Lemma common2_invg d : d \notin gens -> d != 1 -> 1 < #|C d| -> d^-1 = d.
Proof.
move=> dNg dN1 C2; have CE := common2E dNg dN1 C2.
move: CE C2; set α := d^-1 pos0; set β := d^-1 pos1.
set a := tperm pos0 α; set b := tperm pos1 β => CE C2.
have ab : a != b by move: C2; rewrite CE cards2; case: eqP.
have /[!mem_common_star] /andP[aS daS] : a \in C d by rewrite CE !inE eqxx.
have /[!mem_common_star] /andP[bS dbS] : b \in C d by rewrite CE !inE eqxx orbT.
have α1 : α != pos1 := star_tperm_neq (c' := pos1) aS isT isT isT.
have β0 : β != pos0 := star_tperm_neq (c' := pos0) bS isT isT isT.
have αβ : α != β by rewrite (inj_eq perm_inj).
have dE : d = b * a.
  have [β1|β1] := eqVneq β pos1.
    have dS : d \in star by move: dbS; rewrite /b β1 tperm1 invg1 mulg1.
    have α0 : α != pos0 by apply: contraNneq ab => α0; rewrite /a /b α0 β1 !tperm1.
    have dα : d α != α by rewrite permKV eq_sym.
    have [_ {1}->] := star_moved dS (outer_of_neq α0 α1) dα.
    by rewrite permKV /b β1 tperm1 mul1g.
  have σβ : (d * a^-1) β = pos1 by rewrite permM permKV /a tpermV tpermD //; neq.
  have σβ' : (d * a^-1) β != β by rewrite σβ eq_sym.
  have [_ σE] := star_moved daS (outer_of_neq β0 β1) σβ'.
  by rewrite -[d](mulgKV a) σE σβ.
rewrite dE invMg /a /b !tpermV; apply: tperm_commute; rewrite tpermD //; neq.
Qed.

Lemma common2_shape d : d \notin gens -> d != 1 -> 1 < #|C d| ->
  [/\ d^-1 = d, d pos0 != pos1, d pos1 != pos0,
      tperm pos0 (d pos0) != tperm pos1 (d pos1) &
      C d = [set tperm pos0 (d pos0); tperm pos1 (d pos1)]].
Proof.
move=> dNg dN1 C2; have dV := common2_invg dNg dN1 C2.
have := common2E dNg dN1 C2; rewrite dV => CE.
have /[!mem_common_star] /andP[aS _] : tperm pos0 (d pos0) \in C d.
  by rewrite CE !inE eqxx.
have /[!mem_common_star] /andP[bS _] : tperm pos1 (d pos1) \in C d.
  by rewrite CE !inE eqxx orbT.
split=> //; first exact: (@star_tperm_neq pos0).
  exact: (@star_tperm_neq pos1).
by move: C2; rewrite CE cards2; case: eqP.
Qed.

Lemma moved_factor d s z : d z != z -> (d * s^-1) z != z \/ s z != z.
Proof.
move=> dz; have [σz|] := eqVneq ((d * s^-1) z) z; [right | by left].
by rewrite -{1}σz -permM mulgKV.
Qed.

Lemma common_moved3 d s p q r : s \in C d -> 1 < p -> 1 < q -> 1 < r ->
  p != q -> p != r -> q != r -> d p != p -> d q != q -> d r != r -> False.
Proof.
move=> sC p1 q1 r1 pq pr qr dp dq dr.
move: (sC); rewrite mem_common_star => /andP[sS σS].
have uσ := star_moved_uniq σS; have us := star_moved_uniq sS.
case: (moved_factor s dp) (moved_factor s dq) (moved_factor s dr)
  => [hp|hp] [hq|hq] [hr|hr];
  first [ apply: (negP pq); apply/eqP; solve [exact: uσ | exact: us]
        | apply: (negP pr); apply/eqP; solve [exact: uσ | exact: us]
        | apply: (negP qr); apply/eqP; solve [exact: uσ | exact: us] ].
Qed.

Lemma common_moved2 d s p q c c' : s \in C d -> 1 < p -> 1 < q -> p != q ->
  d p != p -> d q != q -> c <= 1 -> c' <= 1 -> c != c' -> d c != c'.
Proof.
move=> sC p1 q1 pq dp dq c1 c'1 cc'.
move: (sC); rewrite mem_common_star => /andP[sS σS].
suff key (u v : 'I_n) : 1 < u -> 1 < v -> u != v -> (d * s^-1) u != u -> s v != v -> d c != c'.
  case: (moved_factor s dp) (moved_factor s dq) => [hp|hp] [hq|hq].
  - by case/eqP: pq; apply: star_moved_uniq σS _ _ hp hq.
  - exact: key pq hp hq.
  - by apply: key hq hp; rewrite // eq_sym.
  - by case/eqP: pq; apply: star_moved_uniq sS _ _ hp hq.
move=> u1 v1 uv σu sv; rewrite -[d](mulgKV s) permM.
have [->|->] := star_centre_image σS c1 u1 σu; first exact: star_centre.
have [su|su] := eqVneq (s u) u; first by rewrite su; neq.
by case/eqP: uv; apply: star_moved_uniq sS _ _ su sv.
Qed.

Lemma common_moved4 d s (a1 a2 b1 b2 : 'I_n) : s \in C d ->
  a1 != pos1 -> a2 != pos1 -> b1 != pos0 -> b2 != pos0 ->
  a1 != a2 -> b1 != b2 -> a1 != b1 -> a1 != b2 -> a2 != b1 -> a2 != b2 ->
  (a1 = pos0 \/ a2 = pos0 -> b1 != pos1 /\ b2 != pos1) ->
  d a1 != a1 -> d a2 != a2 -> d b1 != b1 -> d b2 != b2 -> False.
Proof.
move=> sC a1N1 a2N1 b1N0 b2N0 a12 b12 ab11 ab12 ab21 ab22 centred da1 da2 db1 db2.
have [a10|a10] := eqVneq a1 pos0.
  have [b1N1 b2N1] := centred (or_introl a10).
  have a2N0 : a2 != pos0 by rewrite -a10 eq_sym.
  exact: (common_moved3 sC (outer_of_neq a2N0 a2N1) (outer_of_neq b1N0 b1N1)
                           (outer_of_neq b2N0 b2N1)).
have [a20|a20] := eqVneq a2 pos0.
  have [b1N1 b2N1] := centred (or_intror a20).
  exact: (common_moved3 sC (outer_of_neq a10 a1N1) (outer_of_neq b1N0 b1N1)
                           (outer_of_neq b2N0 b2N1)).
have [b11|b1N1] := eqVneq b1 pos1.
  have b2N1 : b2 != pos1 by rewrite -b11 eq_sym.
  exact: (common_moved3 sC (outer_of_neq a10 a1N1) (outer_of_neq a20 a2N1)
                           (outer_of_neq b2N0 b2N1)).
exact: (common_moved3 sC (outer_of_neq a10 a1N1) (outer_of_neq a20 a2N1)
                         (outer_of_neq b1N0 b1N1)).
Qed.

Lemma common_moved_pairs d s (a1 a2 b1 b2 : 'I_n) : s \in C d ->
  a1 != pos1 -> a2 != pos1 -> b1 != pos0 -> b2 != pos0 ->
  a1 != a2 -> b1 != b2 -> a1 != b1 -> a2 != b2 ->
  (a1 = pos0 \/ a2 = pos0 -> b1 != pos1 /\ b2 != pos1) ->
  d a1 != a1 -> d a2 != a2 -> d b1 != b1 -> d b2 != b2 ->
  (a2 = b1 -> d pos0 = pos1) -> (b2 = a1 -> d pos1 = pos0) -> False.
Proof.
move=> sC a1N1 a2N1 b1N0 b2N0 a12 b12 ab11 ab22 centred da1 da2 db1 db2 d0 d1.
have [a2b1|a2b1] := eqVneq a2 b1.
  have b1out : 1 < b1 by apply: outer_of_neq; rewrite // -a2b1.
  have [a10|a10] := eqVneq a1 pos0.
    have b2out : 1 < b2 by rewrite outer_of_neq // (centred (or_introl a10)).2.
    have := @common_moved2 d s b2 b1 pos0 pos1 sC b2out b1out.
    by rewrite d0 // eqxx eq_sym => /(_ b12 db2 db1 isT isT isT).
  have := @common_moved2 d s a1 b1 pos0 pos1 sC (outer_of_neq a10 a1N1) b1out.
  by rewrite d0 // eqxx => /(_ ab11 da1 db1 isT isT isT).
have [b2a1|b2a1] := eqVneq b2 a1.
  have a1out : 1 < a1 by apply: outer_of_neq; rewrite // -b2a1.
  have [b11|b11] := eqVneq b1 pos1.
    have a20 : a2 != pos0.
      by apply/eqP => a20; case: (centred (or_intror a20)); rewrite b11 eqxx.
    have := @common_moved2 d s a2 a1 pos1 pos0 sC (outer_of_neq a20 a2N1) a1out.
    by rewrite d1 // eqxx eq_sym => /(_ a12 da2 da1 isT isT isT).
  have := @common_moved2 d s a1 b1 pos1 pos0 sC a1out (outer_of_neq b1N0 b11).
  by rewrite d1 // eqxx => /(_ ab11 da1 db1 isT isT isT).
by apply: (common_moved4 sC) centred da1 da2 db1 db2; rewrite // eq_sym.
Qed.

* * *

AIM OF THE EXERCISE: Copy exactly the lines above, from the one containing "have := @common_moved2 d s a1 b1 pos0" through the very last line.

ANSWER TO THIS EXERCISE:
  have := @common_moved2 d s a1 b1 pos0 pos1 sC (outer_of_neq a10 a1N1) b1out.
  by rewrite d0 // eqxx => /(_ ab11 da1 db1 isT isT isT).
have [b2a1|b2a1] := eqVneq b2 a1.
  have a1out : 1 < a1 by apply: outer_of_neq; rewrite // -b2a1.
  have [b11|b11] := eqVneq b1 pos1.
    have a20 : a2 != pos0.
      by apply/eqP => a20; case: (centred (or_intror a20)); rewrite b11 eqxx.
    have := @common_moved2 d s a2 a1 pos1 pos0 sC (outer_of_neq a20 a2N1) a1out.
    by rewrite d1 // eqxx eq_sym => /(_ a12 da2 da1 isT isT isT).
  have := @common_moved2 d s a1 b1 pos1 pos0 sC a1out (outer_of_neq b1N0 b11).
  by rewrite d1 // eqxx => /(_ ab11 da1 db1 isT isT isT).
by apply: (common_moved4 sC) centred da1 da2 db1 db2; rewrite // eq_sym.
Qed.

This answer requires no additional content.